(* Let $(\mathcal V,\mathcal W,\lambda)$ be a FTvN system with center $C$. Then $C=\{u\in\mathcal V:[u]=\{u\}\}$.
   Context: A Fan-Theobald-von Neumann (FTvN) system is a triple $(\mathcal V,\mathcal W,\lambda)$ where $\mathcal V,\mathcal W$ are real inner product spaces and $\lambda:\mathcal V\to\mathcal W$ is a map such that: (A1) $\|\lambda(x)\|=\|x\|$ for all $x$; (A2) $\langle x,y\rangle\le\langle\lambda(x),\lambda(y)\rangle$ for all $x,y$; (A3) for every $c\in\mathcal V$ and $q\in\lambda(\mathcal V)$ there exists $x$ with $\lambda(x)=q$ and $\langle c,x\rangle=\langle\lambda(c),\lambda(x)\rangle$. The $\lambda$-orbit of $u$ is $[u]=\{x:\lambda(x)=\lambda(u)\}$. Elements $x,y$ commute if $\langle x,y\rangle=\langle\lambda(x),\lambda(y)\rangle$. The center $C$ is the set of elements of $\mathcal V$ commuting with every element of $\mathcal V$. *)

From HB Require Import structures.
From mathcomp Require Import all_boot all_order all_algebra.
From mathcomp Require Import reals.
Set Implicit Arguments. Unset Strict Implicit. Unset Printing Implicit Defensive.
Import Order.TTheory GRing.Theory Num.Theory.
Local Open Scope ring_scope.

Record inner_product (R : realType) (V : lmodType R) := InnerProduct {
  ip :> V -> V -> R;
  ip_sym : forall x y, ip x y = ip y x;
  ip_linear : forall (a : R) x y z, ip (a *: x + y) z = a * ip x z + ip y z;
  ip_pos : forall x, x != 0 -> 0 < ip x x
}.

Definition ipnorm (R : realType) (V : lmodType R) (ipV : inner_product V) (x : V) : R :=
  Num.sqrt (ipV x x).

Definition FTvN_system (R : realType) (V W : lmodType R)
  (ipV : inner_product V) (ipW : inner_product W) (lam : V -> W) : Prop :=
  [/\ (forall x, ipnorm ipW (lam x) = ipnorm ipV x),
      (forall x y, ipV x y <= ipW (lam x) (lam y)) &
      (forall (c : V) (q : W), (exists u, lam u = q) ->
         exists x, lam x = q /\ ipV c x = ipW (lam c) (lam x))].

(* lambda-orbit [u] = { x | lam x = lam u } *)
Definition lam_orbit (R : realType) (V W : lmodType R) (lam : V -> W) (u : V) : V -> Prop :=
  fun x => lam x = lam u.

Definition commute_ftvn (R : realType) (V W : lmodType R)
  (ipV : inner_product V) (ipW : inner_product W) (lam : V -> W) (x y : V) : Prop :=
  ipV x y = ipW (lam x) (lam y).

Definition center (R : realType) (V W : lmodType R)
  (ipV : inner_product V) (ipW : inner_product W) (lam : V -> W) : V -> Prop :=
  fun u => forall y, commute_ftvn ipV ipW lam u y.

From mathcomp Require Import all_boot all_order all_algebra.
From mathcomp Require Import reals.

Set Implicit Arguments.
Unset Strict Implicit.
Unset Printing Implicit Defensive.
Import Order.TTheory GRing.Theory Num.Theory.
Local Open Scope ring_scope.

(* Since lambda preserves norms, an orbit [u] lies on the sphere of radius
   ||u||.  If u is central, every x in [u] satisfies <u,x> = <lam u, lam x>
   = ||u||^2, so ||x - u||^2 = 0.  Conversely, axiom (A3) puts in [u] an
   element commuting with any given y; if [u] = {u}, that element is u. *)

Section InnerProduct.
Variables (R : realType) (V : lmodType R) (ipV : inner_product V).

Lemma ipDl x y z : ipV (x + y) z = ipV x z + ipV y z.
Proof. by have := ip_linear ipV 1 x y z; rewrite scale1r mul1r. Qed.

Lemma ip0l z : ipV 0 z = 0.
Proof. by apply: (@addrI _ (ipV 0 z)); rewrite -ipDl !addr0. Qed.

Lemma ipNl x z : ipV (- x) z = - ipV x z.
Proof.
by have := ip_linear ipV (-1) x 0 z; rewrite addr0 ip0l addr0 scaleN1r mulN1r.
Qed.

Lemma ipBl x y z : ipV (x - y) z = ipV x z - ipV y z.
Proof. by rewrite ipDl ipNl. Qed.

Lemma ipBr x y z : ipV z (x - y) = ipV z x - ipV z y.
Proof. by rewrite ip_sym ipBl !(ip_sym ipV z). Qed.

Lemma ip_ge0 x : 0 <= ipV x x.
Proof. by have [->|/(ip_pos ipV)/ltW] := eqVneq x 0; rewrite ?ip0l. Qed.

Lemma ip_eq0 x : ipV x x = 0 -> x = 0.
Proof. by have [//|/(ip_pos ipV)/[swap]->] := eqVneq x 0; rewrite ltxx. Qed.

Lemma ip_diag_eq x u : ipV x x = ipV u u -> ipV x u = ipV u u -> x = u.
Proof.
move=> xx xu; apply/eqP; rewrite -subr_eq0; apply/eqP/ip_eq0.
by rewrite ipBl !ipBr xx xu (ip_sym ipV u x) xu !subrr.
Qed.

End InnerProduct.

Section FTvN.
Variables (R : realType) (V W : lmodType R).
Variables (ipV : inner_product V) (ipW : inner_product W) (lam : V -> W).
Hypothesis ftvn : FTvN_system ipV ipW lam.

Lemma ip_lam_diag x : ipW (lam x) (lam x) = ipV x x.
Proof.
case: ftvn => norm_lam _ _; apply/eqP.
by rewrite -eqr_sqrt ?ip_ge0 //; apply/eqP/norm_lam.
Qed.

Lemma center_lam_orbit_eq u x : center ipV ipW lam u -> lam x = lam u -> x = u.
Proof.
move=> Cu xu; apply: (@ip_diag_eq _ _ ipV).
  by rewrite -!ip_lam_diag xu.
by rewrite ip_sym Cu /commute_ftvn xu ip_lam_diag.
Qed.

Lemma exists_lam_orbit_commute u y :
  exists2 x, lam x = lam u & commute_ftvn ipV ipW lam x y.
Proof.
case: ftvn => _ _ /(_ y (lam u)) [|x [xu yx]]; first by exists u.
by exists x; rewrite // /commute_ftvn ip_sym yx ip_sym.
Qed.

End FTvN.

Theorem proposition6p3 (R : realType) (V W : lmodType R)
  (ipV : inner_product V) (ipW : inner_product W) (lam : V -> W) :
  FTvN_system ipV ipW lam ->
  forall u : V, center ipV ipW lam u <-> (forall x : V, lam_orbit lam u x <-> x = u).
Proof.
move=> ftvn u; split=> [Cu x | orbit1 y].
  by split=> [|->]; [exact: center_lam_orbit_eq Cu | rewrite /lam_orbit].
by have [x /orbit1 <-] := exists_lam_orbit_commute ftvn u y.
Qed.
==
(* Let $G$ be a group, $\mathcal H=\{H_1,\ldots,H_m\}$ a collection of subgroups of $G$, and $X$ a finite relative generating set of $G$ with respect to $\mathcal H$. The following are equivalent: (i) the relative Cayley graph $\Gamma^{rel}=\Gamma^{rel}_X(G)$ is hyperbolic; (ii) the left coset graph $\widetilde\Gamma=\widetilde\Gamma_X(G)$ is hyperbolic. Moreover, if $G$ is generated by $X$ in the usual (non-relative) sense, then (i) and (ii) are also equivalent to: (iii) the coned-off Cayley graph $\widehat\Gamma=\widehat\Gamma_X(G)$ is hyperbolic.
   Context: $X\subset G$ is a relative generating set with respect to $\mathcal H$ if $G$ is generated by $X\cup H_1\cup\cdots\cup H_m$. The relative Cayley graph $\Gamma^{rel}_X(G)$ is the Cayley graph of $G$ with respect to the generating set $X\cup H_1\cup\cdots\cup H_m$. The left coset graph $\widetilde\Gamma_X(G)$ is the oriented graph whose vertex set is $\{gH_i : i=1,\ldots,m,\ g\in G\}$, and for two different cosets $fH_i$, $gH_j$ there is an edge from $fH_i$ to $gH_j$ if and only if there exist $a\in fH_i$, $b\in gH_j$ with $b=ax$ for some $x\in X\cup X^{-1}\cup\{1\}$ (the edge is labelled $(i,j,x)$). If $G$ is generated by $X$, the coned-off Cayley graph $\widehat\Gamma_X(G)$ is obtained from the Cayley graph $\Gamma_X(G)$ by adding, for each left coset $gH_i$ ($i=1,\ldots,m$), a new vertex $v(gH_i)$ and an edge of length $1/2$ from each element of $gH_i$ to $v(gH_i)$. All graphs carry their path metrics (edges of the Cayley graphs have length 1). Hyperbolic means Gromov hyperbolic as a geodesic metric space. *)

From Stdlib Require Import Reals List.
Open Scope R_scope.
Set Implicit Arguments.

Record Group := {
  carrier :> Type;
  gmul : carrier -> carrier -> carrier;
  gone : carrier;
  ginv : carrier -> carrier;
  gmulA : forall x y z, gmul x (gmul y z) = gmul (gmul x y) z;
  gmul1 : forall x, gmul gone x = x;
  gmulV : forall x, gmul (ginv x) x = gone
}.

Directions for this task:
For the material above, reproduce exactly the lines from the line with "Lemma ip_eq0 x : ipV x x = 0 -> x = 0." to the line with "End InnerProduct.", inclusive, and exclude all others.

Answer section:
Lemma ip_eq0 x : ipV x x = 0 -> x = 0.
Proof. by have [//|/(ip_pos ipV)/[swap]->] := eqVneq x 0; rewrite ltxx. Qed.

Lemma ip_diag_eq x u : ipV x x = ipV u u -> ipV x u = ipV u u -> x = u.
Proof.
move=> xx xu; apply/eqP; rewrite -subr_eq0; apply/eqP/ip_eq0.
by rewrite ipBl !ipBr xx xu (ip_sym ipV u x) xu !subrr.
Qed.

End InnerProduct.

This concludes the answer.